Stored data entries
───
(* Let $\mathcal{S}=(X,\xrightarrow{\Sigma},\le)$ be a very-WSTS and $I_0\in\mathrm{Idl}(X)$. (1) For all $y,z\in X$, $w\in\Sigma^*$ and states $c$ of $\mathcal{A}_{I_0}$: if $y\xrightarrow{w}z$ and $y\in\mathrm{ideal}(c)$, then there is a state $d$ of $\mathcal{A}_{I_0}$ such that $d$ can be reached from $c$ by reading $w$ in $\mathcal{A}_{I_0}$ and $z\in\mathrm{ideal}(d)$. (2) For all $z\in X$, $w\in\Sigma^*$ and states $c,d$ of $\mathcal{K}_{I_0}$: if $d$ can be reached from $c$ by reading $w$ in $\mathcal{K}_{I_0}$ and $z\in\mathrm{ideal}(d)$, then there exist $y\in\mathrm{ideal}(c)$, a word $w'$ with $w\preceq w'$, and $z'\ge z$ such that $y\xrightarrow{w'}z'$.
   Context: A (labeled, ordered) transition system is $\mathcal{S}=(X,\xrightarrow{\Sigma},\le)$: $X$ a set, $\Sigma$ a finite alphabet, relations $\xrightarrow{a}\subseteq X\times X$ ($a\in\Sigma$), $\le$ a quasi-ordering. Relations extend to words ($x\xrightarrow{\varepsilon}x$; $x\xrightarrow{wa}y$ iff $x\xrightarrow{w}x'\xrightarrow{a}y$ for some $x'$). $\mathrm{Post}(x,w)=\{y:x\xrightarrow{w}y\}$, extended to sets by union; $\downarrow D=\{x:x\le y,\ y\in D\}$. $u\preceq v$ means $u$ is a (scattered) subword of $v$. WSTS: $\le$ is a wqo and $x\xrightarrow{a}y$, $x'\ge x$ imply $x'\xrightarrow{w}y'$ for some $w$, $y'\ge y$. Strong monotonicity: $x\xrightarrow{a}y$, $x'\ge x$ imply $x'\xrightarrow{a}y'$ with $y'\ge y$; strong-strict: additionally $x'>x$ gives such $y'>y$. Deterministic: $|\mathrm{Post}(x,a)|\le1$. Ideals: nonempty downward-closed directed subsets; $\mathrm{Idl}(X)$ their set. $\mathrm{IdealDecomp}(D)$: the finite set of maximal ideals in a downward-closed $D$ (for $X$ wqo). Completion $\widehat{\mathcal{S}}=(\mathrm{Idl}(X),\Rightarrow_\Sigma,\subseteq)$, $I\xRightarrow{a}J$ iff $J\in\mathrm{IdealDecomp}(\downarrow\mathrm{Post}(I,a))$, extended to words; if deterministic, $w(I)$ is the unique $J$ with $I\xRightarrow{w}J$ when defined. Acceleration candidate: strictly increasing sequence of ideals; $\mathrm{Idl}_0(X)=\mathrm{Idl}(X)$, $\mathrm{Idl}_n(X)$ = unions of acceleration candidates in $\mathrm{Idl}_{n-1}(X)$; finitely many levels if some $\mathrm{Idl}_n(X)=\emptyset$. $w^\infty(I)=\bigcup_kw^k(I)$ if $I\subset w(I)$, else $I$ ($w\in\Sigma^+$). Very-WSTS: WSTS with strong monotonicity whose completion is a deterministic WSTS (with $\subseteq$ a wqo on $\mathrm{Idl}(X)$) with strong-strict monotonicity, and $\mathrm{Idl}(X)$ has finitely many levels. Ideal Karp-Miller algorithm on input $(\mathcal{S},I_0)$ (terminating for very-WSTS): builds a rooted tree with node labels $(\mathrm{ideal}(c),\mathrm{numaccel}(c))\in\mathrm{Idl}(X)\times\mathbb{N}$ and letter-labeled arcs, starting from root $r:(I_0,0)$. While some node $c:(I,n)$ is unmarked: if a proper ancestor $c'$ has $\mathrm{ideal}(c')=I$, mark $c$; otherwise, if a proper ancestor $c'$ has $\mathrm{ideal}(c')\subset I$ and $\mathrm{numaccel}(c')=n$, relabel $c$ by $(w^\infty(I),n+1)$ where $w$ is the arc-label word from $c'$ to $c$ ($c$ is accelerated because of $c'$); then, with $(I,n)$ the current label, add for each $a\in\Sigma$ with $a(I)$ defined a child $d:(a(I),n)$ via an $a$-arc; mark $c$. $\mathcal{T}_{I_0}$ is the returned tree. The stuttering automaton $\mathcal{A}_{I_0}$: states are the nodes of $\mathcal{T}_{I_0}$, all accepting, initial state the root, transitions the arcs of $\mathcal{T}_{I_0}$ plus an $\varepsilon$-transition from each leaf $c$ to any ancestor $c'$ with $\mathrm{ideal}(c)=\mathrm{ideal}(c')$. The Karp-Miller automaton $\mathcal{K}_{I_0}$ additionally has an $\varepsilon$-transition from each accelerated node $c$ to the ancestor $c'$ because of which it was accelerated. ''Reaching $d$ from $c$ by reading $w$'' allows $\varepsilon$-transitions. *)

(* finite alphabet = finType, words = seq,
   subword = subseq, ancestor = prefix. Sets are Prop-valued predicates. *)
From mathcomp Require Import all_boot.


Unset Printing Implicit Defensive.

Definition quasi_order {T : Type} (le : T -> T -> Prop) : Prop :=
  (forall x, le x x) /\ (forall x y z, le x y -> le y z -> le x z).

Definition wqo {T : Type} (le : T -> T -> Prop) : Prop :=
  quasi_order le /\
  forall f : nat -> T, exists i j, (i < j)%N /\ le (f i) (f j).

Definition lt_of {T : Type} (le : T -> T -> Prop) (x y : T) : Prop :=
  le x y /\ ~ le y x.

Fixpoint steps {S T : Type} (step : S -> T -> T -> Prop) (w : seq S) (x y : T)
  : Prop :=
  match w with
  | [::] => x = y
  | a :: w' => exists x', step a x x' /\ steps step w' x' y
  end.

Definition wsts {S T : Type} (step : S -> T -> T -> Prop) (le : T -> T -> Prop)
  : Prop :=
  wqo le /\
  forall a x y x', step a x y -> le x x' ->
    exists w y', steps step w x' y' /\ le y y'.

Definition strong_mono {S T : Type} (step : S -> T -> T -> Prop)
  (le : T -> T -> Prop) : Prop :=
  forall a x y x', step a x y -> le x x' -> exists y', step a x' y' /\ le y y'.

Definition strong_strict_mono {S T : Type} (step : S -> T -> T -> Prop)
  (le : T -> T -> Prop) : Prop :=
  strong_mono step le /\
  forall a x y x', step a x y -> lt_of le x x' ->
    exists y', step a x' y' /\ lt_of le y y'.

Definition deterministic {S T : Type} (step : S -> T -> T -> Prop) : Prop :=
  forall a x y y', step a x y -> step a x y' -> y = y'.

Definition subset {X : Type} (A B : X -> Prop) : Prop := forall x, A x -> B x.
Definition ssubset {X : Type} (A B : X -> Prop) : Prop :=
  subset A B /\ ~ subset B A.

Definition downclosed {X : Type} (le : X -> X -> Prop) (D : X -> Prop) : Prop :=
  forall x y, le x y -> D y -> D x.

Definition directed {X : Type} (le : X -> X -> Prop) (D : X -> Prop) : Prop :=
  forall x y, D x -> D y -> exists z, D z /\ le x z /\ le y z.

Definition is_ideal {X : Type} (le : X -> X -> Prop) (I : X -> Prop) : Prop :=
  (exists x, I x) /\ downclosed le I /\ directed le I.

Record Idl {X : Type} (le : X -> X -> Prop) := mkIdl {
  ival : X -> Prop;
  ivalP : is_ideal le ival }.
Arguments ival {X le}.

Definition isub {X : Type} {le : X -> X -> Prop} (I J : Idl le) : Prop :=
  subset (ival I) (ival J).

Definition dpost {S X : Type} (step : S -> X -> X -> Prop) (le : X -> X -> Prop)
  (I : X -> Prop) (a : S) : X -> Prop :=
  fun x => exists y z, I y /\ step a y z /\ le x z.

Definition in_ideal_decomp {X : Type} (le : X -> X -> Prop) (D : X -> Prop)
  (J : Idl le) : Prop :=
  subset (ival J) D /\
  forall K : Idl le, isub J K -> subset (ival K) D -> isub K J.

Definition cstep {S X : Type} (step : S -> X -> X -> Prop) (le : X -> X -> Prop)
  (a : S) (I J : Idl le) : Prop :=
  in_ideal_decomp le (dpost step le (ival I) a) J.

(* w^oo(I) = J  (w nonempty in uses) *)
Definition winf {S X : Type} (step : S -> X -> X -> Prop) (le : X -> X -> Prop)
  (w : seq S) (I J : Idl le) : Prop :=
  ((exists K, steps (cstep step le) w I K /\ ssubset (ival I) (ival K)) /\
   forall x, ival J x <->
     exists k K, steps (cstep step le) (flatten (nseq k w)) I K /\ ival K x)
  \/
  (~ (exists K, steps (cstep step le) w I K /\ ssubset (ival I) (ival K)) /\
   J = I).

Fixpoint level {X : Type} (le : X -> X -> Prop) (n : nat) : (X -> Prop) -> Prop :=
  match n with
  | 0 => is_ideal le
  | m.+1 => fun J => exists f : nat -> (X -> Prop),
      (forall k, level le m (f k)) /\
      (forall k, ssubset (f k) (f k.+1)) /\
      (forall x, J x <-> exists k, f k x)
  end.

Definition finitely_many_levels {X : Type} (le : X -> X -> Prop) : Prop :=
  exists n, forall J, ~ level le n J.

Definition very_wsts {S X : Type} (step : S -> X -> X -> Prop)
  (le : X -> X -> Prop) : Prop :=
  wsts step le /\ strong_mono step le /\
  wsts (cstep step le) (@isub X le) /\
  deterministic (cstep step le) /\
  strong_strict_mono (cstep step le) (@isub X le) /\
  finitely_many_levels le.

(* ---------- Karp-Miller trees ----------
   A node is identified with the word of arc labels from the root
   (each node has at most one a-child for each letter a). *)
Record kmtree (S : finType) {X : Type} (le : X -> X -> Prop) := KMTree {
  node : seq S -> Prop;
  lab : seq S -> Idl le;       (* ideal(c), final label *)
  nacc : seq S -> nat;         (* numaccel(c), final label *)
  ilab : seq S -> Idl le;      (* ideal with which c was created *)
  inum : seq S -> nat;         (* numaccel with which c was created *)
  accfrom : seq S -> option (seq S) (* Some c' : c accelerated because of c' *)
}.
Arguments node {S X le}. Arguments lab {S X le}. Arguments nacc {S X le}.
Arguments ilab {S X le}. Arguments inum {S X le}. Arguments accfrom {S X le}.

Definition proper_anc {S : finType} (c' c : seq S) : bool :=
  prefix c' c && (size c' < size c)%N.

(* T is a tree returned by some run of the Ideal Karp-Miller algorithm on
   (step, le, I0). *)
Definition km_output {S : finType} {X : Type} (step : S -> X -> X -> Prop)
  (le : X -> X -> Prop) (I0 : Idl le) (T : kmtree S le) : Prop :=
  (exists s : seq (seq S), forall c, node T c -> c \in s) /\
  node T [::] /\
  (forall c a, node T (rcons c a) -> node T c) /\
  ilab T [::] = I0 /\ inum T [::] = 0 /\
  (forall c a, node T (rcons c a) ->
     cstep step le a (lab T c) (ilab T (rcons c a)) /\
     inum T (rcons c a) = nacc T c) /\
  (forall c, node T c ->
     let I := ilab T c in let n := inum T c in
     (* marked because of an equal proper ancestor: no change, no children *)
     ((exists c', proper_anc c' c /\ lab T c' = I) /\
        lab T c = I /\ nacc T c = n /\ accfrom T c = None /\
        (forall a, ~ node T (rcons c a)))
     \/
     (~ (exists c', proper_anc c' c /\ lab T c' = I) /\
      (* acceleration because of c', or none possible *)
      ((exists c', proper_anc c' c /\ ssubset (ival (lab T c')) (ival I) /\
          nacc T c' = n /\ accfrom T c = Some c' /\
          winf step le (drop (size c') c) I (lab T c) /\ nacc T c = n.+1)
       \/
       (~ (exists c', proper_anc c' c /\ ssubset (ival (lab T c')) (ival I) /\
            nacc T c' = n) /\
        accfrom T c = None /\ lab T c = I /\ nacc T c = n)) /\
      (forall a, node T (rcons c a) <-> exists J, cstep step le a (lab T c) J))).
───
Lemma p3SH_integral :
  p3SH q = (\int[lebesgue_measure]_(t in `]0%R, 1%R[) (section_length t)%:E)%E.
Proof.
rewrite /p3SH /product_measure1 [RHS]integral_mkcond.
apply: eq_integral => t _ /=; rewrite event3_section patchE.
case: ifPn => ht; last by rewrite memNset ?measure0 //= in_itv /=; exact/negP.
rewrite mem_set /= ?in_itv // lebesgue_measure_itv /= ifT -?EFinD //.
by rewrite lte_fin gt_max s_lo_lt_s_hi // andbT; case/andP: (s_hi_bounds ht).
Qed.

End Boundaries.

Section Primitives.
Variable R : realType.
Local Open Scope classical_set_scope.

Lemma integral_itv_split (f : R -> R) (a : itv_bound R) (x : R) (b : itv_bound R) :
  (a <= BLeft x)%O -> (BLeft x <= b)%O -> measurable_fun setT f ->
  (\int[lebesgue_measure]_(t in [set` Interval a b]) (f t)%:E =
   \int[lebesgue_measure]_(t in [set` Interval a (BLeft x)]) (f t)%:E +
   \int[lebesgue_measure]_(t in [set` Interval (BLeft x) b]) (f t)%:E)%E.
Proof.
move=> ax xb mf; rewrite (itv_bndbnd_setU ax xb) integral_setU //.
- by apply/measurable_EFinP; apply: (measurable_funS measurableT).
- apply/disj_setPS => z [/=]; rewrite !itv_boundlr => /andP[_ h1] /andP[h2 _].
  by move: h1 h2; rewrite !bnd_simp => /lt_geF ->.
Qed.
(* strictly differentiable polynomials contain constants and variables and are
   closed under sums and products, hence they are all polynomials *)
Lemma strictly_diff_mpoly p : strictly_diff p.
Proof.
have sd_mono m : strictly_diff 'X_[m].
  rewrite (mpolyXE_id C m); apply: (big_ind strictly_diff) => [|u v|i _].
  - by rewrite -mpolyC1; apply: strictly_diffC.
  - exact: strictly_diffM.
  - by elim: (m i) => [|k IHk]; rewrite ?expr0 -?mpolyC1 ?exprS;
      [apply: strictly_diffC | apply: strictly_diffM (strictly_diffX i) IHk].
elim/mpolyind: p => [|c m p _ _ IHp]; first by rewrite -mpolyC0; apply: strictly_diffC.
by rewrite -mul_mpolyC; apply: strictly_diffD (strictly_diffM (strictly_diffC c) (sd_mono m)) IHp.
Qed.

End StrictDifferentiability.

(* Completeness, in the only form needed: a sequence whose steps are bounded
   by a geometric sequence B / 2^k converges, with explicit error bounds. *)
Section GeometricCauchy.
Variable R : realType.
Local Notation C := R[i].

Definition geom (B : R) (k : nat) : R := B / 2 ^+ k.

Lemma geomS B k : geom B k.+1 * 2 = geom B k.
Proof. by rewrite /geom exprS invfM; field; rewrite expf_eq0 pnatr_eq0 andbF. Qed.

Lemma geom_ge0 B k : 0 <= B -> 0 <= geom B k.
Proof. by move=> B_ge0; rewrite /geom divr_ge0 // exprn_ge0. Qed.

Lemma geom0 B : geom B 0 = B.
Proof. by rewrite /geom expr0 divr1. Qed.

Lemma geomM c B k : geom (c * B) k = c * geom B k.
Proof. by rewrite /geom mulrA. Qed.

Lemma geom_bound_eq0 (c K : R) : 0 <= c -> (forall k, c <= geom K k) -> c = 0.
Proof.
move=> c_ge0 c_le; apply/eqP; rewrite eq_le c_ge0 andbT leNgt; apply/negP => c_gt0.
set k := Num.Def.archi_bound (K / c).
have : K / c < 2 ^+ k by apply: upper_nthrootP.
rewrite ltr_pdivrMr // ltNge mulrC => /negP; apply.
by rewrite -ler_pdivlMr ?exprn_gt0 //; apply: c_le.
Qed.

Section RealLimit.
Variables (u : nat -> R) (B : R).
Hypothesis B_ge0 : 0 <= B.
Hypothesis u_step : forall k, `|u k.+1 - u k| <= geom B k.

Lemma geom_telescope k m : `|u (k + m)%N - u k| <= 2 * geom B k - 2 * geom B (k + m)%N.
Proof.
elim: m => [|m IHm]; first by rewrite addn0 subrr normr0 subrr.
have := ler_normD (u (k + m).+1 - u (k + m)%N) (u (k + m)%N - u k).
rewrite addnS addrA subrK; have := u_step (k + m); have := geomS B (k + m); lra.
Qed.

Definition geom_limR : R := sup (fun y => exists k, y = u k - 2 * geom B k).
───
TASK STATEMENT: Exactly the lines above from the one with "ilab T [::] = I0 /\ inum T [::] = 0 /\" to the one with "(forall a, node", both included, are to be quoted; leave the rest out.

RESPONSE BELOW:
  ilab T [::] = I0 /\ inum T [::] = 0 /\
  (forall c a, node T (rcons c a) ->
     cstep step le a (lab T c) (ilab T (rcons c a)) /\
     inum T (rcons c a) = nacc T c) /\
  (forall c, node T c ->
     let I := ilab T c in let n := inum T c in
     (* marked because of an equal proper ancestor: no change, no children *)
     ((exists c', proper_anc c' c /\ lab T c' = I) /\
        lab T c = I /\ nacc T c = n /\ accfrom T c = None /\
        (forall a, ~ node T (rcons c a)))
     \/
     (~ (exists c', proper_anc c' c /\ lab T c' = I) /\
      (* acceleration because of c', or none possible *)
      ((exists c', proper_anc c' c /\ ssubset (ival (lab T c')) (ival I) /\
          nacc T c' = n /\ accfrom T c = Some c' /\
          winf step le (drop (size c') c) I (lab T c) /\ nacc T c = n.+1)
       \/
       (~ (exists c', proper_anc c' c /\ ssubset (ival (lab T c')) (ival I) /\
            nacc T c' = n) /\
        accfrom T c = None /\ lab T c = I /\ nacc T c = n)) /\
      (forall a, node T (rcons c a) <-> exists J, cstep step le a (lab T c) J))).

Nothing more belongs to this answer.